Contro queste posizioni sono sulle barricate diversi Paesi, a partire dall’Italia di Giorgia Meloni che le considera dei veri e propri rigurgiti d’austerity. Per questo il governo, assieme a quello spagnolo e francese in primis, cercano di ammorbidire queste posizioni, puntando a dare concessioni a Berlino sulla materia degli aiuti di Stato per contrastare il piano green degli Usa, soprannominato Ira.

La partita di Meloni, però, si intreccia al braccio di ferro con gli altri grandi Paesi Ue sui migranti, con l’esecutivo che vuole spingere l’Unione europea a farsi più carico del problema, mentre viene invece isolata dalle altre cancellerie.

Patto di Stabilità, la Germania vuole più rigidità sul debito

La Germania chiede precisamente che in aggiunta alle regole sulla spesa pubblica nella riforma del Patto di stabilità si garantisca una riduzione concreta del rapporto debito/Pil.

Questo potrebbe essere fatto introducendo una “disposizione di salvaguardia” con un calo minimo vincolante ogni anno. Il limite minimo potrebbe essere che il rapporto tra debito e Pil debba calare di almeno 1 punto percentuale ogni anno per tutti gli Stati membri con un debito elevato e di almeno lo 0,5% per quelli con un debito pubblico oltre al limite del 60%.

Tutte le proposte del governo tedesco

La richiesta di modifiche è contenuta in un documento tecnico inviato dal governo tedesco alla Commissione Ue e alle altre capitali europee. Un testo che mette in parte in discussione l’accordo trovato al consiglio Ecofin a metà marzo, con un compromesso tra rigidità e flessibilità sui conti.

Oltre alla regola sul taglio annuo del debito, la Germania vorrebbe una salvaguardia ex post per garantire l’efficacia delle nuove regole: insomma una clausola di revisione specifica ancorata alla riduzione effettiva del rapporto tra debito e Pil. Senza calo evidente del debito tutto il quadro di regole e provvedimenti per un Paese membro andrebbe rivisto così ogni quattro anni.

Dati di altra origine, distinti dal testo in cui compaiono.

Lemma uniq_kcbs_frontier T : (0 < T)%N -> uniq (F T ++ Rprune T).
Proof.
case: T => [|T] // _; rewrite cat_uniq (kcbs_C_beam_pairs T).2 /=.
apply/andP; split.
  apply/hasPn => w; rewrite mem_kcbs_Rprune => /andP[/andP[_ lt_wT] _].
  by apply/negP; rewrite mem_kcbs_F (ltn_eqF lt_wT).
have -> : Rprune T.+1 = flatten [seq pruned t | t <- iota 1 T] by [].
apply: (uniq_flatten_graded (deg := size)) => [|[|t] //]; first exact: iota_uniq.
split=> [|w]; first exact: uniq_pruned.
by rewrite mem_pruned => /andP[/cand_node[]].
Qed.

Definition kept T u t := (t < T)%N && (take t u \in beam t).

Lemma kept_succ T u t : kept T u t.+1 -> kept T u t.
Proof.
case/andP=> lt_tT take_beam; rewrite /kept ltnW //=.
by rewrite -(take_takel _ (leqnSn t)) (take_mem_beam take_beam).
Qed.

Lemma take_mem_kcbs_frontier T u t : is_node eos S zpre u -> size u = T -> (t < T)%N ->
  (take t.+1 u \in F T ++ Rprune T) = kept T u t && ~~ kept T u t.+1.
Proof.
move=> u_node size_u lt_tT.
have size_take : size (take t.+1 u) = t.+1 by rewrite size_takel // size_u.
have T_gt0 : (0 < T)%N := leq_ltn_trans (leq0n t) lt_tT.
rewrite mem_kcbs_frontier // size_take lt_tT /=.
rewrite mem_cand ?take_takel ?size_take //; last exact: node_take.
by rewrite /kept lt_tT negb_and implybE.
Qed.

Lemma count_prefix_kcbs_frontier T u : is_node eos S zpre u -> size u = T -> (0 < T)%N ->
  count (fun w => prefix w u) (F T ++ Rprune T) = 1%N.
Proof.
move=> u_node size_u T_gt0.
have kept_step t : (~~ kept T u t <= ~~ kept T u t.+1)%N /\
    (kept T u t && ~~ kept T u t.+1 : nat) = (~~ kept T u t.+1 - ~~ kept T u t)%N.
  by case: (kept T u t) (@kept_succ T u t); case: (kept T u t.+1) => // /(_ isT).
rewrite count_prefix ?uniq_kcbs_frontier // size_u big_nat_recl //.
rewrite take0 mem_kcbs_frontier //= add0n.
under eq_big_nat => t /andP[_ lt_tT] do rewrite take_mem_kcbs_frontier // (kept_step t).2.
rewrite telescope_sumn_in // => [|t _]; last exact: (kept_step t).1.
by rewrite /kept ltnn T_gt0 take0 beam0 mem_head.
Qed.

Lemma kcbs_frontier T : (0 < T)%N -> is_frontier eos S zpre T (F T ++ Rprune T).
Proof.
move=> T_gt0; split; first exact: uniq_kcbs_frontier.
- move=> w; rewrite mem_kcbs_frontier // => /and3P[/andP[_ le_wT] w_cand _].
  by have [w_node _] := cand_node w_cand.
- move=> w1 w2; rewrite !mem_kcbs_frontier // => /and3P[_ _ w1_notin].
  move=> /and3P[/andP[_ le_w2T] w2_cand _] [pre_w12 neq_w12].
  have w1_def : take (size w1) w2 = w1 by apply/eqP; rewrite -prefixE.
  have lt_w12 : (size w1 < size w2)%N.
    by rewrite ltnNge; apply: contra neq_w12 => le_w21; rewrite -w1_def take_oversize.
  have [w2_node _] := cand_node w2_cand.
  move: w1_notin; rewrite (leq_trans lt_w12 le_w2T) /=; apply/negP/negbNE.
  case size_w2 : (size w2) lt_w12 w2_cand => [|t] //; rewrite ltnS => le_w1t w2_cand.
  by rewrite -{1}w1_def -(take_takel _ le_w1t) (@take_mem_beam t) // -mem_cand.
- by move=> u u_node size_u; apply: count_prefix_kcbs_frontier.
Qed.

End Beam.

Theorem lemma5 (V : finType) (R : realType) (eos : V)
  (p : seq V -> V -> R) (k : nat) (S : seq V -> {set V})
  (B : nat) (sel : seq (seq V * R) -> seq (seq V * R))
  (zpre : seq V) (T : nat) :
  is_lm p -> (1 <= k)%N -> is_topk_sel k p S -> is_beam_sel B sel -> (1 <= T)%N ->
  (forall A : seq (seq V), is_frontier eos S zpre T A ->
     \sum_(w <- A) cont_prob eos p S zpre w = 1)
  /\
  (is_frontier eos S zpre T
     (kcbs_F eos p S sel zpre T ++ kcbs_Rprune eos p S sel zpre T)
   /\ \sum_(x <- kcbs_F eos p S sel zpre T) cont_prob eos p S zpre x
      + \sum_(u <- kcbs_Rprune eos p S sel zpre T) cont_prob eos p S zpre u = 1).
Proof.
move=> lm k_gt0 topk sel_beam T_gt0.
have dist_sum1 h : \sum_(v : V) topk_dist p S h v = 1.
  by apply: topk_dist_sum1; [case: (lm h) | exact: topk_sel_neq0 topk].
have kcbs_is_frontier := kcbs_frontier eos p S zpre sel_beam T_gt0.
split=> [A A_frontier | ]; first exact: frontier_sum1 A_frontier.
by split=> //; rewrite -big_cat (frontier_sum1 dist_sum1 kcbs_is_frontier).
Qed.
Theorem mainTheorem16 (d : nat) (gamma : R -> Vec) (D : ExtR) (n : nat)
  (s t u : R) :
  arclength_C11_closed_curve d gamma ->
  is_Delta d gamma D ->
  Rext_pos D ->
  (0 < n)%nat ->
  2 * 1 * Rext_inv D * / INR n <= PI / 6 ->
  s < t -> t < u ->
  Rabs (t - s) <= 2 * 1 / INR n ->
  Rabs (u - t) <= 2 * 1 / INR n ->
  kappa_d d (gamma s) (gamma t) (gamma u)
    <= (1 + 16 * 1 ^ 2 * Rext_inv D ^ 2 * / INR n ^ 2) * Rext_inv D.
Proof.
  intros [_ [_ [gamma' [gamma_deriv [gamma'_norm _]]]]] HDelta Dpos n_pos Hsmall Hst Htu Hts Hut.
  assert (gamma'_unit : forall r, dot d (gamma' r) (gamma' r) = 1)
    by (intros r; rewrite <- (pow2_sqrt (dot d (gamma' r) (gamma' r))) by apply dot_ge0;
        unfold norm in gamma'_norm; rewrite gamma'_norm; ring).
  assert (Hn : 0 < INR n) by (apply lt_0_INR; lia).
  assert (lam_ge0 : 0 <= Rext_inv D)
    by (destruct D; simpl in *; [apply Rlt_le, Rinv_0_lt_compat |]; lra).
  set (lam := Rext_inv D) in *.
  (* [PI <= 4] turns the hypothesis into [lam / n <= 1/3]. *)
  assert (lam_n : lam * / INR n <= 1 / 3) by (pose proof PI_4; lra).
  replace (16 * 1 ^ 2 * lam ^ 2 * / INR n ^ 2) with (lam ^ 2 * (4 / INR n) ^ 2)
    by (field; lra).
  rewrite Rabs_right in Hts, Hut by lra.
  apply (kappa_d_le_of_close d gamma gamma'); try assumption.
  - apply thick_of_Delta; assumption.
  - replace (lam ^ 2 * (4 / INR n) ^ 2) with (16 * (lam * / INR n) ^ 2) by (field; lra).
    assert (0 <= lam * / INR n) by (apply Rle_mult_inv_pos; lra).
    nra.
  - replace (4 / INR n / 2) with (2 * 1 / INR n) by (field; lra); exact Hts.
  - replace (4 / INR n / 2) with (2 * 1 / INR n) by (field; lra); exact Hut.
Qed.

Berlino, però, vorrebbe anche più incentivi per gli investimenti orientati al futuro, con una clausola di investimento limitata in base ai programmi europei. L’idea del governo federale, poi, è che i piani fiscali dei Paesi Ue non vengano concordati solo con la Commissione Ue, limitando così eccezioni e margini di manovra.

E infine, si propone di mantenere invariate le procedure per disavanzo in caso di violazione della regola del 3% sul rapporto deficit/Pil.

L’accordo di marzo tra i 27 Paesi Ue

Secondo l’accordo che era stato trovato all’Ecofin le nuove regole dovrebbero consentire aggiustamenti di bilancio più graduali, considerando le singole posizioni nazionali di partenza e permettendo piani individuali a medio termine. Certo, resterebbero i paletti del rapporto deficit/Pil al 3% e di quello debito/Pil al 60% e si dovrebbero portare avanti aggiustamenti concordati con la Commissione, ma sparirebbe il rientro obbligatorio di 1/20 l’anno e ci potrebbe essere spazio per lo scorporo di alcune voci dai parametri.

Si prevederanno poi percorsi sostenibili e credibili per ridurre i debiti più alti, come quello italiano. I tempi potrebbero essere lunghi: 4 anni dalla comunicazione della Commissione, più altri 3 in caso di riforme sulla sostenibilità dei conti o investimenti in difesa, tecnologia e transizione ecologica. Potrebbero essere scorporati dal calcolo del debito e del deficit alcuni investimenti ritenuti strategici.

Ci potrebbe poi essere una clausola di salvaguardia per sospendere il Patto a livello nazionale in circostanze eccezionali, come nel caso di un’altra epidemia o pandemia che colpisca in particolare uno Stato più degli altri.

Riforma del Patto di Stabilità, torna l’austerity?

Queste regole sicuramente sono decisamente più morbide rispetto a quelle valide prima del 2020: insomma, l’austerity vera e propria dovrebbe essere finita. Tuttavia il fatto che rimarranno i vincoli del 3% e del 60%, criticati già negli anni ’90 e a maggior ragione oggi dalla stragrande maggioranza degli economisti, rimane un problema non da poco per Paesi molto indebitati come l’Italia.

Il nostro Paese avrà quindi comunque dei margini di spesa ridotti rispetto alla situazione attuale e alla fase subito dopo le prime ondate di Covid.